To do: Which lines belong in the answer? Exactly those from the line containing "have -> : k = 0%N by case: k km." through the last line of the records below, repeated as written.

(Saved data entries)
Lemma dyadic01_common_denominator x y : dyadic01 x -> dyadic01 y ->
  exists m k l, [/\ (k <= 2 ^ m)%N, (l <= 2 ^ m)%N,
                    x = k%:R / 2 ^+ m & y = l%:R / 2 ^+ m].
Proof.
move=> [m [k [km ->]]] [n [l [ln ->]]].
exists (m + n)%N, (k * 2 ^ n)%N, (l * 2 ^ m)%N.
split; first by rewrite expnD leq_mul2r km orbT.
- by rewrite expnD mulnC leq_mul2l ln orbT.
- by rewrite natrM natrX exprD; field; rewrite !expf_neq0 ?pnatr_eq0.
- by rewrite natrM natrX exprD; field; rewrite !expf_neq0 ?pnatr_eq0.
Qed.

Lemma dyadic01_ltr_of_steps (h : R -> R) :
  (forall m k, (k < 2 ^ m)%N -> h (k%:R / 2 ^+ m) < h (k.+1%:R / 2 ^+ m)) ->
  forall x y, dyadic01 x -> dyadic01 y -> x < y -> h x < h y.
Proof.
move=> h_step x y dx dy xy.
have [m [k [l [km lm ex ey]]]] := dyadic01_common_denominator dx dy.
have : (k < l)%N by move: xy; rewrite ex ey ltr_pM2r ?invr_gt0 ?exprn_gt0 // ltr_nat.
rewrite ex ey {x y dx dy xy ex ey km}.
elim: l lm => // l IH lm; rewrite ltnS leq_eqVlt => /predU1P[-> | kl].
  exact: h_step.
exact: lt_trans (IH (ltnW lm) kl) (h_step _ _ lm).
Qed.

End Dyadic.

Lemma defect_ge0_of_jumps_gt0 (R : archiRealFieldType) (d e : nat -> R) :
  (forall n, d n.+1 = (d n + e n) / 5) -> (forall n, e n.+1 = 3 * e n / 5) ->
  (forall n, 0 < d n) -> 0 <= e 0.
Proof.
move=> dS eS d_gt0.
have closed_form n : 5 ^+ n * e n = 3 ^+ n * e 0 /\
                     2 * 5 ^+ n * d n = 2 * d 0 + (3 ^+ n - 1) * e 0.
  elim: n => [|n [IHe IHd]]; first by rewrite !expr0; split; ring.
  rewrite dS eS !exprS.
  have -> : 5 * 5 ^+ n * (3 * e n / 5) = 3 * (5 ^+ n * e n) by field.
  have -> : 2 * (5 * 5 ^+ n) * ((d n + e n) / 5) =
            2 * 5 ^+ n * d n + 2 * (5 ^+ n * e n) by field.
  by rewrite IHe IHd; split; ring.
have pow3 k : 1 + 2 * k%:R <= 3 ^+ k :> R.
  elim: k => [|k IH]; first by rewrite expr0; lra.
  by rewrite exprS -addn1 natrD; have := ler0n R k; lra.
rewrite leNgt; apply/negP => e0_lt0.
set n := (Num.truncn (d 0 / - e 0)).+1.
have : d 0 < n%:R * - e 0 by rewrite -ltr_pdivrMr ?oppr_gt0 //; exact: truncnS_gt.
have [_ dn] := closed_form n.
have : 0 < 2 * 5 ^+ n * d n by rewrite mulr_gt0 ?exprn_gt0.
have := pow3 n; rewrite dn; nra.
Qed.

Definition continuous01 (R : realType) (h : R -> R) :=
  forall t, 0 <= t -> t <= 1 -> forall e, 0 < e -> exists2 d, 0 < d &
  forall s, 0 <= s -> s <= 1 -> `|t - s| < d -> `|h t - h s| < e.

Section DyadicExtension.
Variables (R : realType) (h : R -> R).
Hypothesis h_cont : continuous01 h.
Hypothesis h_dyadic : forall x y, dyadic01 x -> dyadic01 y -> x < y -> h x < h y.

Lemma le_dyadic01_right s q : 0 <= s -> dyadic01 q -> s < q -> h s <= h q.
Proof.
move=> s_ge0 dq sq; rewrite leNgt; apply/negP => hqs.
have s_le1 : s <= 1 by apply: le_trans (ltW sq) (dyadic01_le1 dq).
have [d d_gt0 hd] := h_cont s_ge0 s_le1 (ltac:(by rewrite subr_gt0) : 0 < h s - h q).
have [q' dq' /andP[sq']] := dyadic01_between s_ge0
  (ltac:(by rewrite lt_min sq ltrDl d_gt0) : s < Num.min (s + d) q)
  (ltac:(by rewrite ge_min (dyadic01_le1 dq) orbT) : Num.min (s + d) q <= 1).
rewrite lt_min => /andP[q'sd q'q].
have := hd q' (dyadic01_ge0 dq') (dyadic01_le1 dq').
rewrite distrC ger0_norm ?subr_ge0 ?ltW // => /(_ ltac:(lra)).
have := h_dyadic dq' dq q'q; rewrite ltr_norml; lra.
Qed.

Lemma le_dyadic01_left q t : dyadic01 q -> q < t -> t <= 1 -> h q <= h t.
Proof.
move=> dq qt t_le1; rewrite leNgt; apply/negP => htq.
have t_ge0 : 0 <= t by apply: le_trans (dyadic01_ge0 dq) (ltW qt).
have [d d_gt0 hd] := h_cont t_ge0 t_le1 (ltac:(by rewrite subr_gt0) : 0 < h q - h t).
have [q' dq' /andP[]] := dyadic01_between
  (ltac:(by rewrite le_max (dyadic01_ge0 dq) orbT) : 0 <= Num.max (t - d) q)
  (ltac:(by rewrite gt_max qt gtrBl d_gt0) : Num.max (t - d) q < t) t_le1.
rewrite gt_max => /andP[tdq' qq'] q't.
have := hd q' (dyadic01_ge0 dq') (dyadic01_le1 dq').
rewrite ger0_norm ?subr_ge0 ?ltW // => /(_ ltac:(lra)).
have := h_dyadic dq dq' qq'; rewrite ltr_norml; lra.
Qed.

Lemma strictly_increasing01_of_dyadic : strictly_increasing01 h.
Proof.
move=> s t s_ge0 st t_le1.
have [q1 dq1 /andP[sq1 q1t]] := dyadic01_between s_ge0 st t_le1.
have [q2 dq2 /andP[q1q2 q2t]] := dyadic01_between (dyadic01_ge0 dq1) q1t t_le1.
apply: le_lt_trans (le_dyadic01_right s_ge0 dq1 sq1) _.
exact: lt_le_trans (h_dyadic dq1 dq2 q1q2) (le_dyadic01_left dq2 q2t t_le1).
Qed.

End DyadicExtension.

Lemma nseqS_rcons (T : Type) n (x : T) : nseq n.+1 x = rcons (nseq n x) x.
Proof. by elim: n => //= n ->. Qed.

Section Cells.
Variables (R : realType) (p0 p1 p2 : R * R).

Definition cell_vtx (w : seq 'I_3) (j : 'I_3) : R * R :=
  Fword p0 p1 p2 w (vtx p0 p1 p2 j).

Definition cell_edge (w : seq 'I_3) : R -> R * R :=
  edge12 (cell_vtx w 1) (cell_vtx w 2).

Lemma midpt_id (x : R * R) : midpt x x = x.
Proof. by case: x => a b; rewrite /midpt /=; congr (_, _); field. Qed.

Lemma Fword_midpt w x y :
  Fword p0 p1 p2 w (midpt x y) = midpt (Fword p0 p1 p2 w x) (Fword p0 p1 p2 w y).
Proof.
by elim: w => [//|i w IH]; rewrite /= IH /Fmap /midpt /=; congr (_, _); field.
Qed.

Lemma Fword_rcons w i x :
  Fword p0 p1 p2 (rcons w i) x = Fword p0 p1 p2 w (Fmap p0 p1 p2 i x).
Proof. by elim: w => [//|a w IH]; rewrite rcons_cons /= IH. Qed.

Lemma Fword_sub w x y :
  (Fword p0 p1 p2 w x).1 - (Fword p0 p1 p2 w y).1 = (x.1 - y.1) / 2 ^+ size w /\
  (Fword p0 p1 p2 w x).2 - (Fword p0 p1 p2 w y).2 = (x.2 - y.2) / 2 ^+ size w.
Proof.
elim: w => [|i w [IH1 IH2]] /=; first by rewrite expr0 !divr1.
by rewrite /Fmap /midpt /= !dyadicS_left -IH1 -IH2; split; field.
Qed.

Lemma cell_vtx_rcons w i j :
  cell_vtx (rcons w i) j = midpt (cell_vtx w j) (cell_vtx w i).
Proof. by rewrite /cell_vtx Fword_rcons /Fmap Fword_midpt. Qed.

Lemma edge12_0 (q1 q2 : R * R) : edge12 q1 q2 0 = q1.
Proof. by case: q1 => a b; rewrite /edge12 /= !mul0r !addr0. Qed.

Lemma edge12_1 (q1 q2 : R * R) : edge12 q1 q2 1 = q2.
Proof. by case: q1 q2 => a b [c d]; rewrite /edge12 /= !mul1r !subrKC. Qed.

Lemma cell_edge_rcons1 w t : cell_edge (rcons w 1) t = cell_edge w (t / 2).
Proof. by rewrite /cell_edge !cell_vtx_rcons /edge12 /midpt /=; congr (_, _); field. Qed.

Lemma cell_edge_rcons2 w t : cell_edge (rcons w 2) t = cell_edge w ((1 + t) / 2).
Proof. by rewrite /cell_edge !cell_vtx_rcons /edge12 /midpt /=; congr (_, _); field. Qed.

Lemma cell_edge_nseq1 n t : cell_edge (nseq n 1) t = cell_edge [::] (t / 2 ^+ n).
Proof.
elim: n t => [|n IH] t; first by rewrite expr0 divr1.
by rewrite nseqS_rcons cell_edge_rcons1 IH dyadicS_left mulrAC.
Qed.

Lemma cell_edge_nseq2 n t :
  cell_edge (nseq n 2) t = cell_edge [::] (1 - (1 - t) / 2 ^+ n).
Proof.
elim: n t => [|n IH] t; first by rewrite expr0 divr1 subKr.
rewrite nseqS_rcons cell_edge_rcons2 IH exprSr; congr cell_edge.
by field; rewrite expf_neq0 ?pnatr_eq0.
Qed.

Definition harmonic_cells (f : R * R -> R) := forall w (i j k : 'I_3),
  i != j -> j != k -> i != k ->
  f (midpt (cell_vtx w i) (cell_vtx w j)) =
  (2 * f (cell_vtx w i) + 2 * f (cell_vtx w j) + f (cell_vtx w k)) / 5.

Lemma sg_harmonic_cells K f : sg_harmonic p0 p1 p2 K f -> harmonic_cells f.
Proof. by move=> [_ f_harm] w i j k; exact: f_harm _ w erefl i j k. Qed.

Lemma harmonic_cellsN f : harmonic_cells f -> harmonic_cells (fun x => - f x).
Proof. by move=> f_harm w i j k ij jk ik; rewrite (f_harm w i j k) //; field. Qed.

End Cells.

Lemma ord3_avoid2 (i j : 'I_3) : exists k, i != k /\ j != k.
Proof.
by case: i j => [[|[|[|//]]] ?] [[|[|[|//]]] ?];
  [exists 1 | exists 2 | exists 1 | exists 2 | exists 0 | exists 0
  | exists 1 | exists 0 | exists 0].
Qed.

Definition incr_data (R : numDomainType) (a b c : R) :=
  b < c /\ 2 * b - c <= a /\ a <= 2 * c - b.

Section HarmonicEdge.
Variables (R : realType) (p0 p1 p2 : R * R) (f : R * R -> R).
Hypothesis f_harm : harmonic_cells p0 p1 p2 f.

Local Notation fv w j := (f (cell_vtx p0 p1 p2 w j)).
Local Notation g w t := (f (cell_edge p0 p1 p2 w t)).

Lemma cell_vals_rcons1 w :
  [/\ fv (rcons w 1) 0 = (2 * fv w 0 + 2 * fv w 1 + fv w 2) / 5,
      fv (rcons w 1) 1 = fv w 1 &
      fv (rcons w 1) 2 = (2 * fv w 2 + 2 * fv w 1 + fv w 0) / 5].
Proof.
by rewrite !cell_vtx_rcons midpt_id (@f_harm w 0 1 2) // (@f_harm w 2 1 0).
Qed.

Lemma cell_vals_rcons2 w :
  [/\ fv (rcons w 2) 0 = (2 * fv w 0 + 2 * fv w 2 + fv w 1) / 5,
      fv (rcons w 2) 1 = (2 * fv w 1 + 2 * fv w 2 + fv w 0) / 5 &
      fv (rcons w 2) 2 = fv w 2].
Proof.
by rewrite !cell_vtx_rcons midpt_id (@f_harm w 0 2 1) // (@f_harm w 1 2 0).
Qed.

Lemma cell_edge_ends w : g w 0 = fv w 1 /\ g w 1 = fv w 2.
Proof. by rewrite /cell_edge edge12_0 edge12_1. Qed.

Lemma incr_data_rcons1 w : incr_data (fv w 0) (fv w 1) (fv w 2) ->
  incr_data (fv (rcons w 1) 0) (fv (rcons w 1) 1) (fv (rcons w 1) 2).
Proof. by case: (cell_vals_rcons1 w) => -> -> ->; rewrite /incr_data; lra. Qed.

Lemma incr_data_rcons2 w : incr_data (fv w 0) (fv w 1) (fv w 2) ->
  incr_data (fv (rcons w 2) 0) (fv (rcons w 2) 1) (fv (rcons w 2) 2).
Proof. by case: (cell_vals_rcons2 w) => -> -> ->; rewrite /incr_data; lra. Qed.

Lemma cell_edge_dyadic_step m : forall w, incr_data (fv w 0) (fv w 1) (fv w 2) ->
  forall k, (k < 2 ^ m)%N -> g w (k%:R / 2 ^+ m) < g w (k.+1%:R / 2 ^+ m).
Proof.
elim: m => [|m IH] w w_incr k km.
  have -> : k = 0%N by case: k km.
  by rewrite expr0 !divr1 (cell_edge_ends w).1 (cell_edge_ends w).2; case: w_incr.
have [kl | lk] := ltnP k (2 ^ m).
  by rewrite !dyadicS_left -!cell_edge_rcons1; apply: IH kl; exact: incr_data_rcons1.
rewrite !dyadicS_right ?(leqW lk) // -!cell_edge_rcons2 subSn //.
by apply: IH; [exact: incr_data_rcons2 | move: km; rewrite expnS; lia].
Qed.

Exercise solution:
  have -> : k = 0%N by case: k km.
  by rewrite expr0 !divr1 (cell_edge_ends w).1 (cell_edge_ends w).2; case: w_incr.
have [kl | lk] := ltnP k (2 ^ m).
  by rewrite !dyadicS_left -!cell_edge_rcons1; apply: IH kl; exact: incr_data_rcons1.
rewrite !dyadicS_right ?(leqW lk) // -!cell_edge_rcons2 subSn //.
by apply: IH; [exact: incr_data_rcons2 | move: km; rewrite expnS; lia].
Qed.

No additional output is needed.